Dataset entries:
----------------------------------------

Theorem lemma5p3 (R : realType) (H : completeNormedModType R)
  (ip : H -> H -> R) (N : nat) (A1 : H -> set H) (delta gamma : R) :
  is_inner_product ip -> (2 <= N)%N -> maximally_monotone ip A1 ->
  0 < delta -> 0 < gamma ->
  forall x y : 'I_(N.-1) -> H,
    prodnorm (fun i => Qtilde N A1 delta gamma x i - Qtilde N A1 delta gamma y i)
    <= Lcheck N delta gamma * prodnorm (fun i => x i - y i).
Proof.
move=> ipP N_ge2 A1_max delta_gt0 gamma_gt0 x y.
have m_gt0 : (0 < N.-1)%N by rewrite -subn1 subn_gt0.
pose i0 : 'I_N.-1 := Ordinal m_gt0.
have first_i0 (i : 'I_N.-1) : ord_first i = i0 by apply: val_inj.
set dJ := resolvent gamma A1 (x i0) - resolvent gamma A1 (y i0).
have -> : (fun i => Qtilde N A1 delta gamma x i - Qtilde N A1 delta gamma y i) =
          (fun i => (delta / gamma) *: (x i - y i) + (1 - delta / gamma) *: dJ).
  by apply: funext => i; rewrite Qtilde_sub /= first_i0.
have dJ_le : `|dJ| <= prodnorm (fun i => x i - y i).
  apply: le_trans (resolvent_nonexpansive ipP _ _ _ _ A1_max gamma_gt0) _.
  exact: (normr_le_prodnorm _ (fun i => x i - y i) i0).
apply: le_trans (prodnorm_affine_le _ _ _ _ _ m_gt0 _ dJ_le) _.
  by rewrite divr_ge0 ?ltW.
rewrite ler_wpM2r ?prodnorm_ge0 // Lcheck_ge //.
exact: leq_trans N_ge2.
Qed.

----------------------------------------

Which lines run from the one holding "0 < delta -> 0 < gamma ->" through the end of the data? Write them out exactly, ends included, and add nothing.

RESULT —
  0 < delta -> 0 < gamma ->
  forall x y : 'I_(N.-1) -> H,
    prodnorm (fun i => Qtilde N A1 delta gamma x i - Qtilde N A1 delta gamma y i)
    <= Lcheck N delta gamma * prodnorm (fun i => x i - y i).
Proof.
move=> ipP N_ge2 A1_max delta_gt0 gamma_gt0 x y.
have m_gt0 : (0 < N.-1)%N by rewrite -subn1 subn_gt0.
pose i0 : 'I_N.-1 := Ordinal m_gt0.
have first_i0 (i : 'I_N.-1) : ord_first i = i0 by apply: val_inj.
set dJ := resolvent gamma A1 (x i0) - resolvent gamma A1 (y i0).
have -> : (fun i => Qtilde N A1 delta gamma x i - Qtilde N A1 delta gamma y i) =
          (fun i => (delta / gamma) *: (x i - y i) + (1 - delta / gamma) *: dJ).
  by apply: funext => i; rewrite Qtilde_sub /= first_i0.
have dJ_le : `|dJ| <= prodnorm (fun i => x i - y i).
  apply: le_trans (resolvent_nonexpansive ipP _ _ _ _ A1_max gamma_gt0) _.
  exact: (normr_le_prodnorm _ (fun i => x i - y i) i0).
apply: le_trans (prodnorm_affine_le _ _ _ _ _ m_gt0 _ dJ_le) _.
  by rewrite divr_ge0 ?ltW.
rewrite ler_wpM2r ?prodnorm_ge0 // Lcheck_ge //.
exact: leq_trans N_ge2.
Qed.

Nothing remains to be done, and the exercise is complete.